Posted: Mon Aug 09, 2010 11:13 am
by jimmylegs
cece, it may certainly be the case that some patients have imbalances due to fatigue.

in my case, for 15 years prior to dx i was not eating properly. for a number of reasons that were convincing at the time, i was on a consciously chosen vegan diet - not biologically appropriate.

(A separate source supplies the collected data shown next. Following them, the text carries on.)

(* Let $\mathcal T$ be the Coons volume built from blending functions $F_0,F_1$ and boundary data $g$ (see context). Suppose there are constant vectors $\mathbf w_1,\mathbf w_2,\mathbf w_3\in\mathbb R^3$ such that opposite faces are translates of each other: $$g(1,v,w)=g(0,v,w)+\mathbf w_1,\quad g(u,1,w)=g(u,0,w)+\mathbf w_2,\quad g(u,v,1)=g(u,v,0)+\mathbf w_3\qquad\text{for all }u,v,w\in[0,1],$$ and that the images of each pair of opposite faces are disjoint. Define, for $(u,v,w)\in[0,1]^3$, $$\mathcal H_1=\partial_ug(u,0,w)+\partial_ug(u,v,0)-\partial_ug(u,1,1),\quad \mathcal H_2=\partial_vg(u,v,0)+\partial_vg(1,v,w)-\partial_vg(1,v,1),\quad \mathcal H_3=\partial_wg(1,v,w)+\partial_wg(u,0,w)-\partial_wg(1,1,w).$$ If there exists $\tau>0$ such that $\det[\mathcal H_1,\mathcal H_2,\mathcal H_3](u,v,w)>\tau$ for all $(u,v,w)\in[0,1]^3$, then $\mathcal T$ is regular, i.e. $\det[\partial_u\mathcal T,\partial_v\mathcal T,\partial_w\mathcal T]>0$ on $[0,1]^3$.
   Context: Blending functions: $F_0,F_1:[0,1]\to\mathbb R$ are continuously differentiable with $F_0(t)+F_1(t)=1$ for all $t$, $F_0(0)=1$, $F_0(1)=0$ (hence $F_1(0)=0$, $F_1(1)=1$). Boundary data: $g:\partial([0,1]^3)\to\mathbb R^3$ is a map on the boundary of the unit cube whose restriction to each of the six closed faces is continuously differentiable as a function of the two free coordinates. Its values are written $g(a,v,w)$, $g(u,b,w)$, $g(u,v,c)$ with $a,b,c\in\{0,1\}$ and the remaining coordinates in $[0,1]$; on edges (e.g. $g(u,b,c)$) these are restrictions of $g$, and $\partial_u g(u,b,c)$ etc. denote derivatives along the edge. Coons volume: for $(u,v,w)\in[0,1]^3$, $$\mathcal T(u,v,w)=\sum_{a}F_a(u)g(a,v,w)+\sum_{b}F_b(v)g(u,b,w)+\sum_{c}F_c(w)g(u,v,c)-\sum_{a,b}F_a(u)F_b(v)g(a,b,w)-\sum_{b,c}F_b(v)F_c(w)g(u,b,c)-\sum_{a,c}F_a(u)F_c(w)g(a,v,c)+\sum_{a,b,c}F_a(u)F_b(v)F_c(w)g(a,b,c),$$ all sums over $a,b,c\in\{0,1\}$. $\mathcal T$ is called regular if its Jacobian determinant $\det[\partial_u\mathcal T,\partial_v\mathcal T,\partial_w\mathcal T]$ is strictly positive on $[0,1]^3$. *)

From HB Require Import structures.
From mathcomp Require Import all_boot all_order all_algebra.
From mathcomp Require Import all_classical all_reals all_analysis.
Set Implicit Arguments. Unset Strict Implicit. Unset Printing Implicit Defensive.
Import Order.TTheory GRing.Theory Num.Theory.
Import numFieldNormedType.Exports.
Local Open Scope classical_set_scope.
Local Open Scope ring_scope.

Section Defs.
Variable R : realType.

Definition in01 (x : R) : Prop := 0 <= x <= 1.

(* one-sided-at-the-ends derivative of f at x, taken within [0,1]:
   the difference quotient (f(x+h)-f(x))/h tends to l as h -> 0, h <> 0, x+h in [0,1] *)
Definition has_deriv01 (V : normedModType R) (f : R -> V) (x : R) (l : V) : Prop :=
  (fun h : R => h^-1 *: (f (x + h) - f x)) @ within (fun h : R => in01 (x + h)) (0 : R)^'
    --> l.

Definition d01 (V : normedModType R) (f : R -> V) (x : R) : V :=
  xget 0 (has_deriv01 f x).

Definition C1_01 (V : normedModType R) (f : R -> V) : Prop :=
  (forall x, in01 x -> exists l, has_deriv01 f x l) /\
  {within in01, continuous (d01 f)}.

Definition square01 : set (R * R) := fun st => in01 st.1 /\ in01 st.2.

Definition C1_square (V : normedModType R) (f : R -> R -> V) : Prop :=
  (forall s t, in01 s -> in01 t -> exists l, has_deriv01 (fun s' => f s' t) s l) /\
  (forall s t, in01 s -> in01 t -> exists l, has_deriv01 (fun t' => f s t') t l) /\
  {within square01, continuous (fun st : R * R => d01 (fun s' => f s' st.2) st.1)} /\
  {within square01, continuous (fun st : R * R => d01 (fun t' => f st.1 t') st.2)}.

Definition b2r (a : bool) : R := if a then 1 else 0.

Definition Fb (F0 F1 : R -> R) (a : bool) : R -> R := if a then F1 else F0.

Definition det3 (a b c : 'rV[R]_3) : R :=
  \det (\matrix_(i < 3, j < 3)
          (if (i : nat) == 0%N then a 0 j else if (i : nat) == 1%N then b 0 j else c 0 j)).

Definition coons (F0 F1 : R -> R) (g : R -> R -> R -> 'rV[R]_3) (u v w : R) : 'rV[R]_3 :=
  let F := Fb F0 F1 in
    \sum_(a : bool) F a u *: g (b2r a) v w
  + \sum_(b : bool) F b v *: g u (b2r b) w
  + \sum_(c : bool) F c w *: g u v (b2r c)
  - \sum_(a : bool) \sum_(b : bool) (F a u * F b v) *: g (b2r a) (b2r b) w
  - \sum_(b : bool) \sum_(c : bool) (F b v * F c w) *: g u (b2r b) (b2r c)
  - \sum_(a : bool) \sum_(c : bool) (F a u * F c w) *: g (b2r a) v (b2r c)
  + \sum_(a : bool) \sum_(b : bool) \sum_(c : bool)
       (F a u * F b v * F c w) *: g (b2r a) (b2r b) (b2r c).

Definition regular (T : R -> R -> R -> 'rV[R]_3) : Prop :=
  forall u v w, in01 u -> in01 v -> in01 w ->
    (exists l, has_deriv01 (fun s => T s v w) u l) /\
    (exists l, has_deriv01 (fun s => T u s w) v l) /\
    (exists l, has_deriv01 (fun s => T u v s) w l) /\
    0 < det3 (d01 (fun s => T s v w) u) (d01 (fun s => T u s w) v)
             (d01 (fun s => T u v s) w).

End Defs.
Arguments b2r {R} a.
Arguments in01 {R} x.

(* Because opposite faces are translates of each other, the blending functions cancel
   from the Coons volume: on the unit cube it equals
     g(0,v,w) + g(u,0,w) + g(u,v,0) - g(0,0,w) - g(u,0,0) - g(0,v,0) + g(0,0,0).
   Using the face relations once more, each partial derivative of this expression is
   H1, H2, H3 respectively (the translation vectors only shift it by constants), so the
   Jacobian determinant is det[H1,H2,H3] > tau > 0. *)
From HB Require Import structures.
From mathcomp Require Import all_boot all_order all_algebra.
From mathcomp Require Import all_classical all_reals all_analysis.
From mathcomp Require Import ring lra.
Import Order.TTheory GRing.Theory Num.Theory.
Import numFieldNormedType.Exports.
Local Open Scope classical_set_scope.
Local Open Scope ring_scope.

Lemma in01_0 (R : realType) : in01 (0 : R).
Proof. by rewrite /in01 lexx ler01. Qed.

Lemma in01_1 (R : realType) : in01 (1 : R).
Proof. by rewrite /in01 lexx ler01. Qed.

Section Deriv01.
Variable R : realType.
Implicit Types x : R.

Lemma within01_dnbhs_proper {x} : in01 x ->
  ProperFilter (within (fun h : R => in01 (x + h)) (0 : R)^').
Proof.
move=> /andP[x0 x1]; constructor; last exact: within_filter.
rewrite /within /dnbhs /= => /nbhs_ballP [e /= e0 He].
have [d [d0 de dh]] : exists d : R, [/\ 0 < d, d < e & d <= 1/2].
  by have [e1|e1] := leP e 1; [exists (e/2) | exists (1/2)]; split; lra.
(* step right from the left half of [0,1], left from the right half *)
have [y [y0 ye yi]] : exists y : R, [/\ y != 0, `|y| < e & in01 (x + y)].
  have [xh|xh] := leP x (1/2).
    exists d; rewrite gt_eqF // gtr0_norm //; split=> //.
    by apply/andP; split; lra.
  exists (-d); rewrite oppr_eq0 gt_eqF // normrN gtr0_norm //; split=> //.
  by apply/andP; split; lra.
by apply: (He y) => //; rewrite /ball /= sub0r normrN.
Qed.

Variable V : normedModType R.
Implicit Types f g : R -> V.

Lemma d01P f x : (exists l, has_deriv01 f x l) -> has_deriv01 f x (d01 f x).
Proof. exact: xgetPex. Qed.

Lemma d01_unique f x l : in01 x -> has_deriv01 f x l -> d01 f x = l.
Proof.
move=> x01 fl; have proper_x := within01_dnbhs_proper x01.
have fd : has_deriv01 f x (d01 f x) by apply: d01P; exists l.
exact: (cvg_unique _ fd fl).
Qed.

Lemma has_deriv01_eq_in {f g x} : in01 x -> (forall y, in01 y -> f y = g y) ->
  has_deriv01 f x = has_deriv01 g x.
Proof.
move=> x01 efg; apply/funext => l; apply/propext.
have E : {near within (fun h : R => in01 (x + h)) (0 : R)^',
   (fun h => h^-1 *: (f (x + h) - f x)) =1 (fun h => h^-1 *: (g (x + h) - g x))}.
  by rewrite near_withinE; apply: nearW => h /= hx; rewrite efg // (efg _ x01).
split=> H; apply: cvg_trans H; apply: near_eq_cvg => //.
by apply: filterS E => h ->.
Qed.

Lemma d01_eq_in {f g x} : in01 x -> (forall y, in01 y -> f y = g y) ->
  d01 f x = d01 g x.
Proof. by move=> x01 efg; rewrite /d01 (has_deriv01_eq_in x01 efg). Qed.

Lemma has_deriv01D f g x a b : has_deriv01 f x a -> has_deriv01 g x b ->
  has_deriv01 (fun s => f s + g s) x (a + b).
Proof.
move=> fa gb; rewrite /has_deriv01.
have -> : (fun h : R => h^-1 *: (f (x + h) + g (x + h) - (f x + g x))) =
  (fun h => h^-1 *: (f (x + h) - f x) + h^-1 *: (g (x + h) - g x)).
  by apply/funext => h; rewrite -scalerDr opprD addrACA.
exact: cvgD fa gb.
Qed.

Lemma has_deriv01B f g x a b : has_deriv01 f x a -> has_deriv01 g x b ->
  has_deriv01 (fun s => f s - g s) x (a - b).
Proof.
move=> fa gb; rewrite /has_deriv01.
have -> : (fun h : R => h^-1 *: (f (x + h) - g (x + h) - (f x - g x))) =
  (fun h => h^-1 *: (f (x + h) - f x) - h^-1 *: (g (x + h) - g x)).
  by apply/funext => h; rewrite -scalerBr !opprD !opprK addrACA.
exact: cvgB fa gb.
Qed.

Lemma has_deriv01_addr f x a (c : V) :
  has_deriv01 f x a -> has_deriv01 (fun s => f s + c) x a.
Proof.
rewrite /has_deriv01.
have -> // : (fun h : R => h^-1 *: (f (x + h) + c - (f x + c))) =
  (fun h => h^-1 *: (f (x + h) - f x)).
by apply/funext => h; rewrite opprD addrACA subrr addr0.
Qed.

Lemma d01_addB_cst_diff (f A B C : R -> V) x : in01 x ->
  (forall y z, in01 y -> in01 z ->
     f y - (A y + B y - C y) = f z - (A z + B z - C z)) ->
  (exists l, has_deriv01 A x l) -> (exists l, has_deriv01 B x l) ->
  (exists l, has_deriv01 C x l) ->
  (exists l, has_deriv01 f x l) /\ d01 f x = d01 A x + d01 B x - d01 C x.
Proof.
move=> x01 cst dA dB dC.
pose K := f x - (A x + B x - C x).
have fE y : in01 y -> f y = A y + B y - C y + K.
  by move=> y01; rewrite /K -(cst y x y01 x01) addrC subrK.
have dABC : has_deriv01 (fun y => A y + B y - C y + K) x
    (d01 A x + d01 B x - d01 C x).
  by apply/has_deriv01_addr/has_deriv01B; [apply: has_deriv01D|]; exact: d01P.
rewrite (has_deriv01_eq_in x01 fE) (d01_eq_in x01 fE).
by split; [exists (d01 A x + d01 B x - d01 C x) | exact: d01_unique].
Qed.

End Deriv01.

Section CoonsTranslatedFaces.
Context {R : realType} {F0 F1 : R -> R} {g : R -> R -> R -> 'rV[R]_3}.
Context {w1 w2 w3 : 'rV[R]_3}.
Hypothesis F01 : forall t, in01 t -> F0 t + F1 t = 1.
Hypothesis g_face1 : forall v w, in01 v -> in01 w -> g 1 v w = g 0 v w + w1.
Hypothesis g_face2 : forall u w, in01 u -> in01 w -> g u 1 w = g u 0 w + w2.
Hypothesis g_face3 : forall u v, in01 u -> in01 v -> g u v 1 = g u v 0 + w3.
Hypothesis g_C1_1 : forall a : bool, C1_square (fun v w => g (b2r a) v w).
Hypothesis g_C1_2 : forall b : bool, C1_square (fun u w => g u (b2r b) w).
Hypothesis g_C1_3 : forall c : bool, C1_square (fun u v => g u v (b2r c)).

Let T := coons F0 F1 g.

Lemma coons_translated_faces u v w : in01 u -> in01 v -> in01 w ->
  T u v w = g 0 v w + g u 0 w + g u v 0 - g 0 0 w - g u 0 0 - g 0 v 0 + g 0 0 0.
Proof.
move=> u01 v01 w01; have i0 := in01_0 R; have i1 := in01_1 R.
have F0E t : in01 t -> F0 t = 1 - F1 t by move=> t01; rewrite -(F01 t t01) addrK.
rewrite /T /coons !big_bool /= !g_face1 // !g_face2 // !g_face3 // !F0E //.
by apply/rowP => j; rewrite !mxE; ring.
Qed.

Lemma coons_d01_u {u v w} : in01 u -> in01 v -> in01 w ->
  (exists l, has_deriv01 (fun s => T s v w) u l) /\
  d01 (fun s => T s v w) u =
    d01 (fun s => g s 0 w) u + d01 (fun s => g s v 0) u - d01 (fun s => g s 1 1) u.
Proof.
move=> u01 v01 w01; have i0 := in01_0 R; have i1 := in01_1 R.
apply: d01_addB_cst_diff => //; last 3 first.
- exact: (g_C1_2 false).1.
- exact: (g_C1_3 false).1.
- exact: (g_C1_3 true).1.
move=> y z y01 z01; rewrite !coons_translated_faces // !g_face3 // !g_face2 //.
by apply/rowP => j; rewrite !mxE; ring.
Qed.

Lemma coons_d01_v {u v w} : in01 u -> in01 v -> in01 w ->
  (exists l, has_deriv01 (fun s => T u s w) v l) /\
  d01 (fun s => T u s w) v =
    d01 (fun s => g u s 0) v + d01 (fun s => g 1 s w) v - d01 (fun s => g 1 s 1) v.
Proof.
move=> u01 v01 w01; have i0 := in01_0 R; have i1 := in01_1 R.
apply: d01_addB_cst_diff => //; last 3 first.
- exact: (g_C1_3 false).2.1.
- exact: (g_C1_1 true).1.
- exact: (g_C1_1 true).1.
move=> y z y01 z01; rewrite !coons_translated_faces // !g_face1 // !g_face3 //.
by apply/rowP => j; rewrite !mxE; ring.
Qed.

Lemma coons_d01_w {u v w} : in01 u -> in01 v -> in01 w ->
  (exists l, has_deriv01 (fun s => T u v s) w l) /\
  d01 (fun s => T u v s) w =
    d01 (fun s => g 1 v s) w + d01 (fun s => g u 0 s) w - d01 (fun s => g 1 1 s) w.
Proof.
move=> u01 v01 w01; have i0 := in01_0 R; have i1 := in01_1 R.
apply: d01_addB_cst_diff => //; last 3 first.
- exact: (g_C1_1 true).2.1.
- exact: (g_C1_2 false).2.1.
- exact: (g_C1_1 true).2.1.
move=> y z y01 z01; rewrite !coons_translated_faces // !g_face1 // !g_face2 //.
by apply/rowP => j; rewrite !mxE; ring.
Qed.

End CoonsTranslatedFaces.

Theorem corollary1 (R : realType) (F0 F1 : R -> R)
  (g : R -> R -> R -> 'rV[R]_3) (w1 w2 w3 : 'rV[R]_3) :
  (* blending functions *)
  C1_01 F0 -> C1_01 F1 ->
  (forall t, in01 t -> F0 t + F1 t = 1) -> F0 0 = 1 -> F0 1 = 0 ->
  (* boundary data: C^1 on each closed face in its two free coordinates *)
  (forall a : bool, C1_square (fun v w => g (b2r a) v w)) ->
  (forall b : bool, C1_square (fun u w => g u (b2r b) w)) ->
  (forall c : bool, C1_square (fun u v => g u v (b2r c))) ->
  (* opposite faces are translates of each other *)
  (forall v w, in01 v -> in01 w -> g 1 v w = g 0 v w + w1) ->
  (forall u w, in01 u -> in01 w -> g u 1 w = g u 0 w + w2) ->
  (forall u v, in01 u -> in01 v -> g u v 1 = g u v 0 + w3) ->
  (* images of opposite faces are disjoint *)
  (forall v w v' w', in01 v -> in01 w -> in01 v' -> in01 w' -> g 0 v w <> g 1 v' w') ->
  (forall u w u' w', in01 u -> in01 w -> in01 u' -> in01 w' -> g u 0 w <> g u' 1 w') ->
  (forall u v u' v', in01 u -> in01 v -> in01 u' -> in01 v' -> g u v 0 <> g u' v' 1) ->
  (* uniform positivity of det[H1, H2, H3] *)
  (exists tau : R, 0 < tau /\
     forall u v w, in01 u -> in01 v -> in01 w ->
       tau < det3
         (d01 (fun s => g s 0 w) u + d01 (fun s => g s v 0) u - d01 (fun s => g s 1 1) u)
         (d01 (fun s => g u s 0) v + d01 (fun s => g 1 s w) v - d01 (fun s => g 1 s 1) v)
         (d01 (fun s => g 1 v s) w + d01 (fun s => g u 0 s) w - d01 (fun s => g 1 1 s) w)) ->
  regular (coons F0 F1 g).
Proof.
move=> _ _ F01 _ _ gC1_1 gC1_2 gC1_3 face1 face2 face3 _ _ _ [tau [tau0 Htau]].
move=> u v w u01 v01 w01.
have [ex_u ->] := coons_d01_u F01 face1 face2 face3 gC1_2 gC1_3 u01 v01 w01.
have [ex_v ->] := coons_d01_v F01 face1 face2 face3 gC1_1 gC1_3 u01 v01 w01.
have [ex_w ->] := coons_d01_w F01 face1 face2 face3 gC1_1 gC1_2 u01 v01 w01.
by do ![split=> //]; exact: lt_trans tau0 (Htau u v w u01 v01 w01).
Qed.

i was stubborn about not wanting to take supplements. i was determined to be healthy with vegan diet alone. i got all my information from pro-vegan web sites, not medical journals. i knew about some of the main nutrient issues for vegans. i was careful to eat nutritious vegetable foods and not junk. but i did not take care to eat the right quantities of the right foods.

what really made the wheels come off for me was when i decided to not buy packaged (read, processed) foods at all. that was when i lost the nutritional advantage of the supplements built into things like soymilk and veggie dogs etc.

that was when i started to experience numbness and weakness. i could reverse it if i got to the point of my leg giving way under me, by taking b12 pills. i was getting regular b12 tests, but i wanted the results to be okay so instead of doing a washout period like you're supposed to, i would take b12 pills before my bloodwork. results always came back low normal.

i got curious about the difference between when i supplemented and when i didn't, and did a clean test. they could not detect any b12 in my blood and the result came back 'less than 75', that being the lowest level detectable using that particular assay.

my dx spinal mri shows a lesion pattern that is textbook b12 deficiency. they tested me for deficiency at the MS clinic and my level came back at 300 - i had been supplementing like mad out of fear (and it wasn't working, by this time i had so many concurrent deficiencies that fixing one wasn't going to make a dent).

they asked me to do a washout for a clean test and i said no, because i was terrified.

i imagine they asked my doc to confirm a history of b12 deficiency and she looked back over my past test graph and told them no, it's been low but fine (from me supplementing ahead of the tests, and also because her computer can't plot text to show the one real result on my file - 'less than 75')

AFAIC, a computer glitch and my own doc not realizing i had fudged all those early b12 results, landed me with an MS dx.

the neuros told me that not all of my dx signs were consistent with b12 deficiency so i must have MS. they said my veganism would have had nothing to do with it. they certainly never wondered whether any of my other signs could be due to concurrent other deficiencies.

i objected to being lumped into a statistical diagnostic tool when i was so far from average joe it's not even funny.

no doctor ever sent me for a batch of nutrient tests to see if my other symptoms could be related to my long term vegan diet. that was all work that i had to do on my own. i'm so happy that my doc works with me now and writes up the reqs for me.

i am so. much. better. than at dx, that night and day don't even come close to describing it.

b12 deficiency is the major differential dx for ms. to my knowledge, b12 deficiency has nothing to do with CCSVI. it's also only one part of the constellation of deficiencies that my vegan diet had created, each of them coincidentally suspect in ms.